Lemma cd_dotNr m (x y : cd R m) : cd_dot x (cd_opp y) = - cd_dot x y.
Proof. by rewrite cd_dotC cd_dotNl cd_dotC. Qed.

Lemma cd_dotZr m c (x y : cd R m) : cd_dot x (cd_scale c y) = c * cd_dot x y.
Proof. by rewrite cd_dotC cd_dotZl cd_dotC. Qed.

Lemma cd_dotJ m (x y : cd R m) : cd_dot (cd_conj x) (cd_conj y) = cd_dot x y.
Proof. elim: m x y => [|m IH] //= x y. by rewrite !IH cd_dotNl cd_dotNr opprK. Qed.

Lemma cd_dot_reall m c (x : cd R m) : cd_dot (cd_real m c) x = c * cd_re x.
Proof. elim: m x => [|m IH] //= x. by rewrite IH cd_dot0l addr0. Qed.

Lemma cd_dotxx_ge0 m (x : cd R m) : 0 <= cd_dot x x.
Proof. elim: m x => [|m IH] /= x; [exact: sqr_ge0 | exact: addr_ge0]. Qed.

Lemma cd_re_mul m (x y : cd R m) : cd_re (cd_mul x y) = cd_dot (cd_conj x) y.
Proof.
elim: m x y => [|m IH] //= x y.
by rewrite cd_reD cd_reN !IH cd_conjK cd_dotNl [cd_dot x.2 _]cd_dotC.
Qed.

Lemma cd_nE m (x : cd R m) : cd_n x = cd_dot x x.
Proof. by rewrite /cd_n cd_re_mul cd_conjK. Qed.

Lemma cd_dot_mul_adj m :
  (forall a x y : cd R m, cd_dot (cd_mul a x) y = cd_dot a (cd_mul y (cd_conj x))) /\
  (forall a x y : cd R m, cd_dot (cd_mul x a) y = cd_dot a (cd_mul (cd_conj x) y)).
Proof.
elim: m => [|m [IHr IHl]] /=.
  by split=> a x y; [rewrite mulrAC -mulrA | rewrite mulrCA mulrA].
have dotJ (u v : cd R m) : cd_dot (cd_conj u) v = cd_dot u (cd_conj v).
  by rewrite -cd_dotJ cd_conjK.
split=> a x y /=;
  rewrite !(cd_dotDl, cd_dotDr, cd_dotNl, cd_dotNr, cd_mulNl, cd_mulNr, cd_conjN, cd_conjK).
  by rewrite (IHr a.1) (IHl a.2) (IHl a.1) (IHr a.2) !cd_conjK; lra.
rewrite (IHl a.1) (IHr (cd_conj a.2)) (IHr a.2) (IHl (cd_conj a.1)) !dotJ !cd_conjM !cd_conjK.
lra.
Qed.

Lemma cd_dot_mulr_adj m (a x y : cd R m) :
  cd_dot (cd_mul a x) y = cd_dot a (cd_mul y (cd_conj x)).
Proof. by case: (cd_dot_mul_adj m). Qed.

Lemma cd_mul_conj m :
  (forall x : cd R m, cd_mul x (cd_conj x) = cd_real m (cd_dot x x)) /\
  (forall x : cd R m, cd_mul (cd_conj x) x = cd_real m (cd_dot x x)).
Proof.
elim: m => [|m [IHr IHl]]; first by split=> x //=; rewrite mulrC.
split=> x /=; rewrite ?cd_conjN ?cd_conjK !cd_mulNl ?cd_mulNr ?cd_oppK !(IHr, IHl) cd_realD.
  by rewrite [cd_add (cd_opp _) _]cd_addC cd_addrN.
by rewrite cd_addrN.
Qed.

Lemma cd_mulrJ m (x : cd R m) : cd_mul x (cd_conj x) = cd_real m (cd_dot x x).
Proof. by case: (cd_mul_conj m). Qed.

Lemma cd_dot_cauchy_schwarz m (x y : cd R m) : cd_dot x y ^+ 2 <= cd_dot x x * cd_dot y y.
Proof.
elim: m x y => [|m IH] /= x y; first by rewrite exprMn !expr2 mulrACA.
by apply: cauchy_schwarzD; rewrite ?cd_dotxx_ge0.
Qed.

(** * The subalgebra generated by one element *)

Section RealSpan.
Variables (m : nat) (r : cd R m).
Local Notation t := (cd_re r).
Local Notation N := (cd_dot r r).

Definition cd_comb a b := cd_add (cd_real m a) (cd_scale b r).

Definition comb_norm a b := a ^+ 2 + 2 * a * b * t + b ^+ 2 * N.

Lemma cd_combD a b c d : cd_add (cd_comb a b) (cd_comb c d) = cd_comb (a + c) (b + d).
Proof. by rewrite /cd_comb cd_addrACA cd_realD cd_scalerDl. Qed.

Lemma cd_comb_real a : cd_real m a = cd_comb a 0.
Proof. by rewrite /cd_comb cd_scale0r cd_addr0. Qed.

Lemma cd_comb_scale b : cd_scale b r = cd_comb 0 b.
Proof. by rewrite /cd_comb cd_real0 cd_add0r. Qed.

Lemma cd_combZ c a b : cd_scale c (cd_comb a b) = cd_comb (c * a) (c * b).
Proof. by rewrite /cd_comb cd_scalerDr cd_scale_real cd_scalerA. Qed.

Lemma cd_mulrr : cd_mul r r = cd_comb (- N) (2 * t).
Proof.
have := cd_mulrJ r; rewrite cd_conjE cd_mulDr cd_mul_realr cd_mulNr => rJr.
have -> : cd_mul r r = cd_add (cd_scale (2 * t) r) (cd_opp (cd_real m N)).
  by rewrite -rJr cd_oppD cd_oppK cd_addA cd_addrN cd_add0r.
by rewrite cd_realN cd_comb_real cd_comb_scale cd_combD add0r addr0.
Qed.

Lemma cd_mulr_comb c d : cd_mul r (cd_comb c d) = cd_comb (- (d * N)) (c + 2 * t * d).
Proof.
rewrite {1}/cd_comb cd_mulDr cd_mul_realr cd_mulZr cd_mulrr cd_comb_scale cd_combZ cd_combD.
by congr cd_comb; ring.
Qed.

Lemma cd_mul_comb a b c d :
  cd_mul (cd_comb a b) (cd_comb c d) =
  cd_comb (a * c - b * d * N) (a * d + b * c + 2 * t * b * d).
Proof.
rewrite {1}/cd_comb cd_mulDl cd_mul_reall cd_mulZl cd_mulr_comb !cd_combZ cd_combD.
by congr cd_comb; ring.
Qed.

◆ **What you should do**:
Please write out the entries above in full, exactly as they read.

◆ **Solution to this problem**:
Lemma cd_dotNr m (x y : cd R m) : cd_dot x (cd_opp y) = - cd_dot x y.
Proof. by rewrite cd_dotC cd_dotNl cd_dotC. Qed.

Lemma cd_dotZr m c (x y : cd R m) : cd_dot x (cd_scale c y) = c * cd_dot x y.
Proof. by rewrite cd_dotC cd_dotZl cd_dotC. Qed.

Lemma cd_dotJ m (x y : cd R m) : cd_dot (cd_conj x) (cd_conj y) = cd_dot x y.
Proof. elim: m x y => [|m IH] //= x y. by rewrite !IH cd_dotNl cd_dotNr opprK. Qed.

Lemma cd_dot_reall m c (x : cd R m) : cd_dot (cd_real m c) x = c * cd_re x.
Proof. elim: m x => [|m IH] //= x. by rewrite IH cd_dot0l addr0. Qed.

Lemma cd_dotxx_ge0 m (x : cd R m) : 0 <= cd_dot x x.
Proof. elim: m x => [|m IH] /= x; [exact: sqr_ge0 | exact: addr_ge0]. Qed.

Lemma cd_re_mul m (x y : cd R m) : cd_re (cd_mul x y) = cd_dot (cd_conj x) y.
Proof.
elim: m x y => [|m IH] //= x y.
by rewrite cd_reD cd_reN !IH cd_conjK cd_dotNl [cd_dot x.2 _]cd_dotC.
Qed.

Lemma cd_nE m (x : cd R m) : cd_n x = cd_dot x x.
Proof. by rewrite /cd_n cd_re_mul cd_conjK. Qed.

Lemma cd_dot_mul_adj m :
  (forall a x y : cd R m, cd_dot (cd_mul a x) y = cd_dot a (cd_mul y (cd_conj x))) /\
  (forall a x y : cd R m, cd_dot (cd_mul x a) y = cd_dot a (cd_mul (cd_conj x) y)).
Proof.
elim: m => [|m [IHr IHl]] /=.
  by split=> a x y; [rewrite mulrAC -mulrA | rewrite mulrCA mulrA].
have dotJ (u v : cd R m) : cd_dot (cd_conj u) v = cd_dot u (cd_conj v).
  by rewrite -cd_dotJ cd_conjK.
split=> a x y /=;
  rewrite !(cd_dotDl, cd_dotDr, cd_dotNl, cd_dotNr, cd_mulNl, cd_mulNr, cd_conjN, cd_conjK).
  by rewrite (IHr a.1) (IHl a.2) (IHl a.1) (IHr a.2) !cd_conjK; lra.
rewrite (IHl a.1) (IHr (cd_conj a.2)) (IHr a.2) (IHl (cd_conj a.1)) !dotJ !cd_conjM !cd_conjK.
lra.
Qed.

Lemma cd_dot_mulr_adj m (a x y : cd R m) :
  cd_dot (cd_mul a x) y = cd_dot a (cd_mul y (cd_conj x)).
Proof. by case: (cd_dot_mul_adj m). Qed.

Lemma cd_mul_conj m :
  (forall x : cd R m, cd_mul x (cd_conj x) = cd_real m (cd_dot x x)) /\
  (forall x : cd R m, cd_mul (cd_conj x) x = cd_real m (cd_dot x x)).
Proof.
elim: m => [|m [IHr IHl]]; first by split=> x //=; rewrite mulrC.
split=> x /=; rewrite ?cd_conjN ?cd_conjK !cd_mulNl ?cd_mulNr ?cd_oppK !(IHr, IHl) cd_realD.
  by rewrite [cd_add (cd_opp _) _]cd_addC cd_addrN.
by rewrite cd_addrN.
Qed.

Lemma cd_mulrJ m (x : cd R m) : cd_mul x (cd_conj x) = cd_real m (cd_dot x x).
Proof. by case: (cd_mul_conj m). Qed.

Lemma cd_dot_cauchy_schwarz m (x y : cd R m) : cd_dot x y ^+ 2 <= cd_dot x x * cd_dot y y.
Proof.
elim: m x y => [|m IH] /= x y; first by rewrite exprMn !expr2 mulrACA.
by apply: cauchy_schwarzD; rewrite ?cd_dotxx_ge0.
Qed.

(** * The subalgebra generated by one element *)

Section RealSpan.
Variables (m : nat) (r : cd R m).
Local Notation t := (cd_re r).
Local Notation N := (cd_dot r r).

Definition cd_comb a b := cd_add (cd_real m a) (cd_scale b r).

Definition comb_norm a b := a ^+ 2 + 2 * a * b * t + b ^+ 2 * N.

Lemma cd_combD a b c d : cd_add (cd_comb a b) (cd_comb c d) = cd_comb (a + c) (b + d).
Proof. by rewrite /cd_comb cd_addrACA cd_realD cd_scalerDl. Qed.

Lemma cd_comb_real a : cd_real m a = cd_comb a 0.
Proof. by rewrite /cd_comb cd_scale0r cd_addr0. Qed.

Lemma cd_comb_scale b : cd_scale b r = cd_comb 0 b.
Proof. by rewrite /cd_comb cd_real0 cd_add0r. Qed.

Lemma cd_combZ c a b : cd_scale c (cd_comb a b) = cd_comb (c * a) (c * b).
Proof. by rewrite /cd_comb cd_scalerDr cd_scale_real cd_scalerA. Qed.

Lemma cd_mulrr : cd_mul r r = cd_comb (- N) (2 * t).
Proof.
have := cd_mulrJ r; rewrite cd_conjE cd_mulDr cd_mul_realr cd_mulNr => rJr.
have -> : cd_mul r r = cd_add (cd_scale (2 * t) r) (cd_opp (cd_real m N)).
  by rewrite -rJr cd_oppD cd_oppK cd_addA cd_addrN cd_add0r.
by rewrite cd_realN cd_comb_real cd_comb_scale cd_combD add0r addr0.
Qed.

Lemma cd_mulr_comb c d : cd_mul r (cd_comb c d) = cd_comb (- (d * N)) (c + 2 * t * d).
Proof.
rewrite {1}/cd_comb cd_mulDr cd_mul_realr cd_mulZr cd_mulrr cd_comb_scale cd_combZ cd_combD.
by congr cd_comb; ring.
Qed.

Lemma cd_mul_comb a b c d :
  cd_mul (cd_comb a b) (cd_comb c d) =
  cd_comb (a * c - b * d * N) (a * d + b * c + 2 * t * b * d).
Proof.
rewrite {1}/cd_comb cd_mulDl cd_mul_reall cd_mulZl cd_mulr_comb !cd_combZ cd_combD.
by congr cd_comb; ring.
Qed.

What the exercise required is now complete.